**The task**
The answer is to be an exact copy of the lines below running from the line with "From Stdlib Require Import Reals." down to the line with "RInt (V := C_R_CompleteNormedModule)", both ends included, and nothing more.

*** Opening of Data section ***

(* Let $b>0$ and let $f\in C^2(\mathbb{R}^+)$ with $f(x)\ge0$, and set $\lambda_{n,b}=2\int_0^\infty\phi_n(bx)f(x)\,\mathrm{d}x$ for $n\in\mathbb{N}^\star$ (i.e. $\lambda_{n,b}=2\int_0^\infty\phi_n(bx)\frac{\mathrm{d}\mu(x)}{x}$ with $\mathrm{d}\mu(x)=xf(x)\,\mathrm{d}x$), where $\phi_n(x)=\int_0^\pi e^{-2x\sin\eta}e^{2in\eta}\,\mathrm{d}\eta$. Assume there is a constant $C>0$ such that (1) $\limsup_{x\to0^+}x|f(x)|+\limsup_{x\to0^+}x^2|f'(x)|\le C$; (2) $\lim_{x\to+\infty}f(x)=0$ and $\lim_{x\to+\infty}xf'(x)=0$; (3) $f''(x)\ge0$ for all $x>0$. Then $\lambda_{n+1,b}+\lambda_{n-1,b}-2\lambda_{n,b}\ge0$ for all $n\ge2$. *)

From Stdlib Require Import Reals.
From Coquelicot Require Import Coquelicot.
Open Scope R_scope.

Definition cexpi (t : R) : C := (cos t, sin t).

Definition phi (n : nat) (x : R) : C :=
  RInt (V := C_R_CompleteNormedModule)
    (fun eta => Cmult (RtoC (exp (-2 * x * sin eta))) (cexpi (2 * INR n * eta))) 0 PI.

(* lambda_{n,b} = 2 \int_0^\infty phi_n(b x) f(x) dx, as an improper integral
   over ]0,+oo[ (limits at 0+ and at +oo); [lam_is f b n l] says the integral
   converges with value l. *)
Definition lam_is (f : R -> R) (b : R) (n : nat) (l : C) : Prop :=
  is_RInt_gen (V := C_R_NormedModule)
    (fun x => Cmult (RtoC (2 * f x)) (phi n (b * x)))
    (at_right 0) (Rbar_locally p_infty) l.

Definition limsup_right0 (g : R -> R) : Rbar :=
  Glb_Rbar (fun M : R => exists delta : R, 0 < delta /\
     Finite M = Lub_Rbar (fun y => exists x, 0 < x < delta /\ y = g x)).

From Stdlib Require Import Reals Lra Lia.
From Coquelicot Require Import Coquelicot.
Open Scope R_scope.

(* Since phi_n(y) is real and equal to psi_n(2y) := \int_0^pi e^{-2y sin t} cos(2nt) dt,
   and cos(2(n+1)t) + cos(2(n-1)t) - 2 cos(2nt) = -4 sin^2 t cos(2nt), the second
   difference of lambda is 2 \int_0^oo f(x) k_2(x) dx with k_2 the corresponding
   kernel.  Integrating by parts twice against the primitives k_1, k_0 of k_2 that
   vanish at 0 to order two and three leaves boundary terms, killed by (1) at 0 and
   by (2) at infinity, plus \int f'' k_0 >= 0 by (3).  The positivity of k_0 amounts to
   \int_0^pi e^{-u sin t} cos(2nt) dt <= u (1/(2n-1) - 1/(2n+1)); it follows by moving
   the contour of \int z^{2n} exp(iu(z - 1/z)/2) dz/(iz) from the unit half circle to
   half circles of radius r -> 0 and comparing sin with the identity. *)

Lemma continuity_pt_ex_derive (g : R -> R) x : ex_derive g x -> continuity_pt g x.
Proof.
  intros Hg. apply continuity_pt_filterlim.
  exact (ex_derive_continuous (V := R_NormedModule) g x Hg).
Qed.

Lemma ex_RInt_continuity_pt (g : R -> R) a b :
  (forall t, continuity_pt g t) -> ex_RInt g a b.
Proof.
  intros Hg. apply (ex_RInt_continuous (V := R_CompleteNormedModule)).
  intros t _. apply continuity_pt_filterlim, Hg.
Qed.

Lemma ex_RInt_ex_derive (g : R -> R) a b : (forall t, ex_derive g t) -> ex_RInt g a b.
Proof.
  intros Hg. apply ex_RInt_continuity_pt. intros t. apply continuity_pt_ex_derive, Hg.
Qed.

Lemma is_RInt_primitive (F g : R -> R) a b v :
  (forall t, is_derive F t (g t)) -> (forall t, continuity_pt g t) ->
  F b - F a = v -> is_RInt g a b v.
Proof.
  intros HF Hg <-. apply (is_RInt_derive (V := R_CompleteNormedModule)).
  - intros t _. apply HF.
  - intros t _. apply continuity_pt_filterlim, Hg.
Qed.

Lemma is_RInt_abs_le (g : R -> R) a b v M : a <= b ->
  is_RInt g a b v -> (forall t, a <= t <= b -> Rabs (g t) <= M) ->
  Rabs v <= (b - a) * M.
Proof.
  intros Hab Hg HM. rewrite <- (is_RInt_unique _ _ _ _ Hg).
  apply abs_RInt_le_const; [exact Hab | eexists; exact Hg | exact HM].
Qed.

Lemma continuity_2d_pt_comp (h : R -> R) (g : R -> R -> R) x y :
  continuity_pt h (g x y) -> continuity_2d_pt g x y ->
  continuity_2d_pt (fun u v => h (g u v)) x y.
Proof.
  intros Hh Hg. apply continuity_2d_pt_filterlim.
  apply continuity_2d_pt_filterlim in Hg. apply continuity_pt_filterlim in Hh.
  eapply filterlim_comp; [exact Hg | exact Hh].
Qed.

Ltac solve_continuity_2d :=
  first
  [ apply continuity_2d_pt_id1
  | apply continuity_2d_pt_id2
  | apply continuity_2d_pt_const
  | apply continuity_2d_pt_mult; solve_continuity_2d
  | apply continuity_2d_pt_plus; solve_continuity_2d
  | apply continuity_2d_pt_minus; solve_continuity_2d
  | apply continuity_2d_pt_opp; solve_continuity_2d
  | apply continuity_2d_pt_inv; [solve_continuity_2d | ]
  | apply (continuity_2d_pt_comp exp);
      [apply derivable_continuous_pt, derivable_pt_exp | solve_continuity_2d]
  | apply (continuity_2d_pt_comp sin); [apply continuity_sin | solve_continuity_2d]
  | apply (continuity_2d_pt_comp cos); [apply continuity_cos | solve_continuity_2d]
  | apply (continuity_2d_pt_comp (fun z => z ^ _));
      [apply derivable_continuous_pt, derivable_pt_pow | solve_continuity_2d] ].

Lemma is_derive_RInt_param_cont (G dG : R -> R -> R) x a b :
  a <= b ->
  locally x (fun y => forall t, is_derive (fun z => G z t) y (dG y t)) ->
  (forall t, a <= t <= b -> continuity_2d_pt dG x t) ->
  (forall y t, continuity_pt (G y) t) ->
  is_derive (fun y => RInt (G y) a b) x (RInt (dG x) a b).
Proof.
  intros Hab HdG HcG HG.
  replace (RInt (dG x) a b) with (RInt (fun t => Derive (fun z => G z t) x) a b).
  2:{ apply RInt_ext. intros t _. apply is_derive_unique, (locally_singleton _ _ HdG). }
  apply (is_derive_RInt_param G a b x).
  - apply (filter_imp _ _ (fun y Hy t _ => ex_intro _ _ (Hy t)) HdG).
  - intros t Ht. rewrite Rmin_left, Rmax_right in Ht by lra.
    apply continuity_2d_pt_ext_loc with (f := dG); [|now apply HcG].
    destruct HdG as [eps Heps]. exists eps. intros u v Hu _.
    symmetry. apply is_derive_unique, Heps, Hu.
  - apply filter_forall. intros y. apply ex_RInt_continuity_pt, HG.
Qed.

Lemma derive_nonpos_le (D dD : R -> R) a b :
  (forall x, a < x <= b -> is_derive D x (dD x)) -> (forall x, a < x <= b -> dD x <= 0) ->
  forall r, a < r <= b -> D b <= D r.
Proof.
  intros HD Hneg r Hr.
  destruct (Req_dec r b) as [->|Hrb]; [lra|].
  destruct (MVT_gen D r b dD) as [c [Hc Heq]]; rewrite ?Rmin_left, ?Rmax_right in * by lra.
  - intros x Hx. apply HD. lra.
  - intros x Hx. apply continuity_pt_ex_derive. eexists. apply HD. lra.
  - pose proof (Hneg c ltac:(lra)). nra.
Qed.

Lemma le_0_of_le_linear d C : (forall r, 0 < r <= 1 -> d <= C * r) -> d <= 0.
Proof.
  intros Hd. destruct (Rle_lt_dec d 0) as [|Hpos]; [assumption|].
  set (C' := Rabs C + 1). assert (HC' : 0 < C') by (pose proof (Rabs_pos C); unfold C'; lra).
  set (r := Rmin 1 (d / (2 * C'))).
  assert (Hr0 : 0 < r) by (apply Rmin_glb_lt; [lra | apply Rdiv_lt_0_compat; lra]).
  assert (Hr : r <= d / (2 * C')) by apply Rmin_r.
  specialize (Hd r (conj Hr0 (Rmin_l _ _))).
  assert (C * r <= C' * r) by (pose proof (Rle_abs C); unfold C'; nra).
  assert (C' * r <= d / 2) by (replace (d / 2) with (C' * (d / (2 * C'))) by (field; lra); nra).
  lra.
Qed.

*** Close of Data section ***

**Answer to this task**
From Stdlib Require Import Reals.
From Coquelicot Require Import Coquelicot.
Open Scope R_scope.

Definition cexpi (t : R) : C := (cos t, sin t).

Definition phi (n : nat) (x : R) : C :=
  RInt (V := C_R_CompleteNormedModule)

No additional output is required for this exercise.